**WHAT THE EXERCISE ASKS:** In the entries below, find every line holding the string "Lemma" and collect it.

**EXTRACTED DATA:**
╔══

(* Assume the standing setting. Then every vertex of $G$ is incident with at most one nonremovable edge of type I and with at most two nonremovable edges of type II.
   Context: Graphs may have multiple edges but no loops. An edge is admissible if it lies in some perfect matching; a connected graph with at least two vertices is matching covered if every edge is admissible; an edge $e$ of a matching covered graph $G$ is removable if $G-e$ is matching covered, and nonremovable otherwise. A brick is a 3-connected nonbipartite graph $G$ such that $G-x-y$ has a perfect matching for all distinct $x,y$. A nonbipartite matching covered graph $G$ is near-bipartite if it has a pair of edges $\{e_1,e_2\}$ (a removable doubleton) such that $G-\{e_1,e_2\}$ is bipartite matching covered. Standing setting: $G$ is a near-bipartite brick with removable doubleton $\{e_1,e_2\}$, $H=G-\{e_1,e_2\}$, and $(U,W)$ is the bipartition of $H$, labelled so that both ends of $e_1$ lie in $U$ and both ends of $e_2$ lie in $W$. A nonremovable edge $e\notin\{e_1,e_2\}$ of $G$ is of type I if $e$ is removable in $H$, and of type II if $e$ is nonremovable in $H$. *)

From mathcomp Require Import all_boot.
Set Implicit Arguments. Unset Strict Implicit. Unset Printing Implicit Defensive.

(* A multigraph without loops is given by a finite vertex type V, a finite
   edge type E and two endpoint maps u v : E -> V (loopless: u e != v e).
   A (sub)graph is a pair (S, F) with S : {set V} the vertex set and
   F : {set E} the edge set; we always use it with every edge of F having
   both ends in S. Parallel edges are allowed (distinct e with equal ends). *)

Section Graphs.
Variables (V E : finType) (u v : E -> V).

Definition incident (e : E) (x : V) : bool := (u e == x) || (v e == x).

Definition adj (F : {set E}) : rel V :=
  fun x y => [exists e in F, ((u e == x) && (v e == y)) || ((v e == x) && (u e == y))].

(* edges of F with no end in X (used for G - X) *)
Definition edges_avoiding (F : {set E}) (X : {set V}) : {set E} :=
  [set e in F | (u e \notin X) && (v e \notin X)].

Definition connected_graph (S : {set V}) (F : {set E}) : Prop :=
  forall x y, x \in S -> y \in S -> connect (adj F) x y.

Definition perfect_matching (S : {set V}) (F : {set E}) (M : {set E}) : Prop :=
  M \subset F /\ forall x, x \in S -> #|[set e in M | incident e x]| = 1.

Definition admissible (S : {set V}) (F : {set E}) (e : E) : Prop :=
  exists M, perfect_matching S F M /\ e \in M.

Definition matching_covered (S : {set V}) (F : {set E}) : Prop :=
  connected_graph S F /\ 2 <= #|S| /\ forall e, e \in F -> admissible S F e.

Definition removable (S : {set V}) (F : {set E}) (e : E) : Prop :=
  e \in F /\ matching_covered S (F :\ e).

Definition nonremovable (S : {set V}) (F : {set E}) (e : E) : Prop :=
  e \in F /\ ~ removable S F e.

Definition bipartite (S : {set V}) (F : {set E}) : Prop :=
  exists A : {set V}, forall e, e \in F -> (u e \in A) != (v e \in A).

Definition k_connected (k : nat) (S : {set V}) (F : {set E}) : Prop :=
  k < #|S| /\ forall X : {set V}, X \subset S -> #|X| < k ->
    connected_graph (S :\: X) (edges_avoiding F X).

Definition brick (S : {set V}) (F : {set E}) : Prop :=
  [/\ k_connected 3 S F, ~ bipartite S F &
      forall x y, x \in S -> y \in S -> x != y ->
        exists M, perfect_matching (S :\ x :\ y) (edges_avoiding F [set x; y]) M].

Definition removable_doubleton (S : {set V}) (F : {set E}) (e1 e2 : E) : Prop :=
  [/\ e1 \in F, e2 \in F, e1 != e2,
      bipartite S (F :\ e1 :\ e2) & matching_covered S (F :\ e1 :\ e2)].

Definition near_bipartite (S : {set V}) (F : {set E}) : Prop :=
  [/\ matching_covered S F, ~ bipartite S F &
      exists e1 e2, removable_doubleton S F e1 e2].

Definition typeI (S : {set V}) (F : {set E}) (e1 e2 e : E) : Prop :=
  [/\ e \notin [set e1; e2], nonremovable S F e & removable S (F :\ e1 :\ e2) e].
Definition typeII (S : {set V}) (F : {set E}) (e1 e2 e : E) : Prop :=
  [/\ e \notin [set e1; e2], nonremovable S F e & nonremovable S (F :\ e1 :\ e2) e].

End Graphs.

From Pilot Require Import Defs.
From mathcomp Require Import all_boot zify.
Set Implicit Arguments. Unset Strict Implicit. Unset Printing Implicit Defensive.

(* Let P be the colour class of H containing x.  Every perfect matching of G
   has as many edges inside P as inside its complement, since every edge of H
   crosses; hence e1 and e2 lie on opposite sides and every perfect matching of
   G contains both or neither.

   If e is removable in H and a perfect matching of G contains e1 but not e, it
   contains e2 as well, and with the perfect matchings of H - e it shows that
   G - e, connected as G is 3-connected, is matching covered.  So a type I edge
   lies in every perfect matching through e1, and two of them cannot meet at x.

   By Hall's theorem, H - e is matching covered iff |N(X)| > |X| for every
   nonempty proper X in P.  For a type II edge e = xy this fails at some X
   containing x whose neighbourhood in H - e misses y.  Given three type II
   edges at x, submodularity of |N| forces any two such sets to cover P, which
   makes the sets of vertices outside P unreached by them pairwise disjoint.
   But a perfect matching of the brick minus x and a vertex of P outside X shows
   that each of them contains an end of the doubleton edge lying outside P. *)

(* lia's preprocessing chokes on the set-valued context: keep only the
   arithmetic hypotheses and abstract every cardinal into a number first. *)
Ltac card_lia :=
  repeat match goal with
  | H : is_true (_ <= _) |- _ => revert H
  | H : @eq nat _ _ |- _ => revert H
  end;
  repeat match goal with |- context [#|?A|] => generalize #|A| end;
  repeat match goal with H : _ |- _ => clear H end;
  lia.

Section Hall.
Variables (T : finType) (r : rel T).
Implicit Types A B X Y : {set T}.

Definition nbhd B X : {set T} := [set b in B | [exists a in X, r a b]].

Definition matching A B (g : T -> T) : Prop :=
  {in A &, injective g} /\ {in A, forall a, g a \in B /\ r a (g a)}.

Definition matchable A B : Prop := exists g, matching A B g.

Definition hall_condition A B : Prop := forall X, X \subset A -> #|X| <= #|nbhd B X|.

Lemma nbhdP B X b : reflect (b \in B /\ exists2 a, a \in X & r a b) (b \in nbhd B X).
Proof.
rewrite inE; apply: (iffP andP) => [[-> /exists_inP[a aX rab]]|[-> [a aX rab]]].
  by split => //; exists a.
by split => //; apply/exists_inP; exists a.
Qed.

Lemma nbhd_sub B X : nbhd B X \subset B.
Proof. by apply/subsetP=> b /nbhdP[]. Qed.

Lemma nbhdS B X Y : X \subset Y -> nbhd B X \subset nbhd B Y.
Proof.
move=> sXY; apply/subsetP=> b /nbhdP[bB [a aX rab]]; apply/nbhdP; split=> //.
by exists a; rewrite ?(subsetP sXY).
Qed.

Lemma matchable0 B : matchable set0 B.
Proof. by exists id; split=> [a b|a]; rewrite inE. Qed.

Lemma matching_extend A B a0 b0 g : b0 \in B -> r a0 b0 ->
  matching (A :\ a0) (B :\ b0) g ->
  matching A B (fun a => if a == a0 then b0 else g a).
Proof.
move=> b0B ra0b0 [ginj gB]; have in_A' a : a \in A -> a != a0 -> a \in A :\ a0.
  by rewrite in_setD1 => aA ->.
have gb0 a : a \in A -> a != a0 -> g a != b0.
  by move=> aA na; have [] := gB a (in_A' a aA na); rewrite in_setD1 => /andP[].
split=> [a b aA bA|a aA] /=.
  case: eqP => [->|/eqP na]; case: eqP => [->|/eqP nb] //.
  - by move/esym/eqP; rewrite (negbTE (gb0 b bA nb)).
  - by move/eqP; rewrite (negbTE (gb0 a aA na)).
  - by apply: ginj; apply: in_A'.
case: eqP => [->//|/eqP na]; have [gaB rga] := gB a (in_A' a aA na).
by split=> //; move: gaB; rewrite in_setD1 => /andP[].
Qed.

╚══

**ANSWER SECTION:**
Lemma nbhdP B X b : reflect (b \in B /\ exists2 a, a \in X & r a b) (b \in nbhd B X).
Lemma nbhd_sub B X : nbhd B X \subset B.
Lemma nbhdS B X Y : X \subset Y -> nbhd B X \subset nbhd B Y.
Lemma matchable0 B : matchable set0 B.
Lemma matching_extend A B a0 b0 g : b0 \in B -> r a0 b0 ->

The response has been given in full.